◆ WORK INSTRUCTIONS ◆
What you return should be the lines of the data containing "Stdlib", each in full.

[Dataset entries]

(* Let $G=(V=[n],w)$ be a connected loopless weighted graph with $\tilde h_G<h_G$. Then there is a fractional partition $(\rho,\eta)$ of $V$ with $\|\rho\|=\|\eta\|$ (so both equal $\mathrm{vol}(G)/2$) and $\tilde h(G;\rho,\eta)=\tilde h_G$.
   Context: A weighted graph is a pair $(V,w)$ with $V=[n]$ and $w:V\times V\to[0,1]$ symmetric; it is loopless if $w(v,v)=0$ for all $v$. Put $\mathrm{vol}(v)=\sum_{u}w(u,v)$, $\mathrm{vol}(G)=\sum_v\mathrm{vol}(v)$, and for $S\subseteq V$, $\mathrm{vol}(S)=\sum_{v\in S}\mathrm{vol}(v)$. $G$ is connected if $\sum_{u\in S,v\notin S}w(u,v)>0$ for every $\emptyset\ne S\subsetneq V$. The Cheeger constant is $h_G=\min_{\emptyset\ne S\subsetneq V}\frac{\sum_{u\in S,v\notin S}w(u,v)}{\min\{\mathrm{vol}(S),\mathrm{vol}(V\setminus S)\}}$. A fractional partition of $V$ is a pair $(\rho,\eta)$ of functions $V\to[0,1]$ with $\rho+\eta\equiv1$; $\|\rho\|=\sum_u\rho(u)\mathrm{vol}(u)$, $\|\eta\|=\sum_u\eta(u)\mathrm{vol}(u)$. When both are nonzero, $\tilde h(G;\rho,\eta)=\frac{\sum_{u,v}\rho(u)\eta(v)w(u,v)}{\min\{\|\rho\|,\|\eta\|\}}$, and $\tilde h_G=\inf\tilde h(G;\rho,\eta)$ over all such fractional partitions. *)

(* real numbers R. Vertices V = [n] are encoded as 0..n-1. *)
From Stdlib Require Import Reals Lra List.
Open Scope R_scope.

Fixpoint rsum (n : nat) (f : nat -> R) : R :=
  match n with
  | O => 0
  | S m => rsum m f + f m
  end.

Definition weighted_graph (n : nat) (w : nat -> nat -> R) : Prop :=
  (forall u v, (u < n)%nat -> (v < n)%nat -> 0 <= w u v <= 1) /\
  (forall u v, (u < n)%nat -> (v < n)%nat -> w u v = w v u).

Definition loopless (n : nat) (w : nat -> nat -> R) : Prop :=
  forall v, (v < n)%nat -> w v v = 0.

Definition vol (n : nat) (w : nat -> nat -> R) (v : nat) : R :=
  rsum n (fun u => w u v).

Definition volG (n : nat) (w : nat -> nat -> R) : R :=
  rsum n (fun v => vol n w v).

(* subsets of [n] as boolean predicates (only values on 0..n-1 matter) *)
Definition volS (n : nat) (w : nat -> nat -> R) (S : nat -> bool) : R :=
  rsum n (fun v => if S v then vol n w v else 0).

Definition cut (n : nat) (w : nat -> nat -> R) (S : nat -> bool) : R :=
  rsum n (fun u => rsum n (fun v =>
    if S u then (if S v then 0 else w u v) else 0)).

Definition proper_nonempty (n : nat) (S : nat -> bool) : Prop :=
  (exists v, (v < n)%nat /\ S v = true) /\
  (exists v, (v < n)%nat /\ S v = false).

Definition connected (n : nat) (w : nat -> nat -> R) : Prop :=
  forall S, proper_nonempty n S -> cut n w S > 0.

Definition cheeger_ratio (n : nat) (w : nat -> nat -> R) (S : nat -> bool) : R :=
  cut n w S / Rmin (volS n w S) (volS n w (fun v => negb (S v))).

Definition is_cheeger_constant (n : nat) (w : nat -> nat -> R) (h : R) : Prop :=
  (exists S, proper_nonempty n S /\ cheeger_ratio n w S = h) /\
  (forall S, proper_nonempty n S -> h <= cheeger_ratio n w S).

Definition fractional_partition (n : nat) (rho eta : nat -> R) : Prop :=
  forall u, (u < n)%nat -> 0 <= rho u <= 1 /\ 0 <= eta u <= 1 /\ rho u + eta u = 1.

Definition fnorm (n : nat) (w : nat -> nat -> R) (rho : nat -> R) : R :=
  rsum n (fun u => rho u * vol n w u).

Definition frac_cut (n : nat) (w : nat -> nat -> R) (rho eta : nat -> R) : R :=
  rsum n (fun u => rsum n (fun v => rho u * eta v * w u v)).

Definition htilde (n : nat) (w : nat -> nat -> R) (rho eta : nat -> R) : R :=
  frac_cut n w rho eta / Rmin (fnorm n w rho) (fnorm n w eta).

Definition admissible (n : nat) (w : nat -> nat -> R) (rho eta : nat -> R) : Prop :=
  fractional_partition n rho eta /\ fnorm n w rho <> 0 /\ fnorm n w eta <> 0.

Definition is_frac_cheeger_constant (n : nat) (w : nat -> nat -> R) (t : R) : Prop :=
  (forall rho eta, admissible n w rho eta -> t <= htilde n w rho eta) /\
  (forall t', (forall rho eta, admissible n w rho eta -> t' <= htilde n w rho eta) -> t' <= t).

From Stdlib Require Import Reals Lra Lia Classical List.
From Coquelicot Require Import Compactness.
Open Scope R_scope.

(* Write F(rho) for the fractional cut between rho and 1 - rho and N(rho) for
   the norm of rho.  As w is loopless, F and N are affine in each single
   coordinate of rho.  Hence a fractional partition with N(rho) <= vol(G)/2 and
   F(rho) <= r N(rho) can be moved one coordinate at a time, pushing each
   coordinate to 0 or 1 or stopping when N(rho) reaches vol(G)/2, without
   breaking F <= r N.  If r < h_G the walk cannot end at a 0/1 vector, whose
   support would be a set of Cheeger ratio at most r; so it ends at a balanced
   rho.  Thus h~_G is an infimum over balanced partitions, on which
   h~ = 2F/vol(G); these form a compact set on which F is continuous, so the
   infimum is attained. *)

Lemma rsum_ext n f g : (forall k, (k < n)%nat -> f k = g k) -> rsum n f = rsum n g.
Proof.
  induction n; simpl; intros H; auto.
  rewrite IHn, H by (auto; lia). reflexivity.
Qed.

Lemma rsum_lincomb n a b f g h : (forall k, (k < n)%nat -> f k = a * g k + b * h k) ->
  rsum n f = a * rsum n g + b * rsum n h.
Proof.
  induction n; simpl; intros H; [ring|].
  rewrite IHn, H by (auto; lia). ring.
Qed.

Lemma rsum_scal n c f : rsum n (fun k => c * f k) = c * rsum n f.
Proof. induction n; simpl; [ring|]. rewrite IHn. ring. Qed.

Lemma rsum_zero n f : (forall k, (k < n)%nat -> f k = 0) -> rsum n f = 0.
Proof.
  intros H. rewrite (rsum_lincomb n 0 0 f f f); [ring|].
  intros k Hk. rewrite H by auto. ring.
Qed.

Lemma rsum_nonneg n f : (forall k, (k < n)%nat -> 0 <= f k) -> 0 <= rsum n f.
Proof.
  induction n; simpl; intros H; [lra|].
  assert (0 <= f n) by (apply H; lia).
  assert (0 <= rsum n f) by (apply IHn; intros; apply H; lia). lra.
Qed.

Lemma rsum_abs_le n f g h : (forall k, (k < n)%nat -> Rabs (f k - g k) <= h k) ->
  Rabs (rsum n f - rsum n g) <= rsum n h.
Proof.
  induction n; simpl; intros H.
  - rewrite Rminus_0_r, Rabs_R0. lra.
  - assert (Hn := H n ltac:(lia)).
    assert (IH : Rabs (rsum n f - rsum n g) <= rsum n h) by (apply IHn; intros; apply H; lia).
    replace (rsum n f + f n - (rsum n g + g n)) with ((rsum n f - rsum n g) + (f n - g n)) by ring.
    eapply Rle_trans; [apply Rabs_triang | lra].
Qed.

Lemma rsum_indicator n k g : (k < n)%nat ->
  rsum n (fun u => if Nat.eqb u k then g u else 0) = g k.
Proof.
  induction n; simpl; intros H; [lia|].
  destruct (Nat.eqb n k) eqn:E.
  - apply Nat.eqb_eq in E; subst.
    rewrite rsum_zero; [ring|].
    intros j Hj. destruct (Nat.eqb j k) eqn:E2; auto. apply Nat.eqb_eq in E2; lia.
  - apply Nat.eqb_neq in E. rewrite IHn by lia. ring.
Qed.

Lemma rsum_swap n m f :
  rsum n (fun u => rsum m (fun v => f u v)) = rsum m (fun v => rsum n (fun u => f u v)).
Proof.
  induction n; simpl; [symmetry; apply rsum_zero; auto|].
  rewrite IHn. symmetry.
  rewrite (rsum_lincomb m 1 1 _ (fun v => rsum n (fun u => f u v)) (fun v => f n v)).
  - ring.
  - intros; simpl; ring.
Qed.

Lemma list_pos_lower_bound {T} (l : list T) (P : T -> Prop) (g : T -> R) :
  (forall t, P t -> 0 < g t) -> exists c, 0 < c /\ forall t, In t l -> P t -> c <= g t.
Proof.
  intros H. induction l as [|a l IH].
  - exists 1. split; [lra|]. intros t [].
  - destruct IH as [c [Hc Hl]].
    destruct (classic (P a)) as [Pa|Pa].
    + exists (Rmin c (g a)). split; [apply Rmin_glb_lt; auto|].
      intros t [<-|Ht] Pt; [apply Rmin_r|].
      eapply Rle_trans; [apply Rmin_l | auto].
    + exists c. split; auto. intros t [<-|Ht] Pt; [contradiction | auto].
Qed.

◆ FINISHED TASK ◆
From Stdlib Require Import Reals Lra List.
From Stdlib Require Import Reals Lra Lia Classical List.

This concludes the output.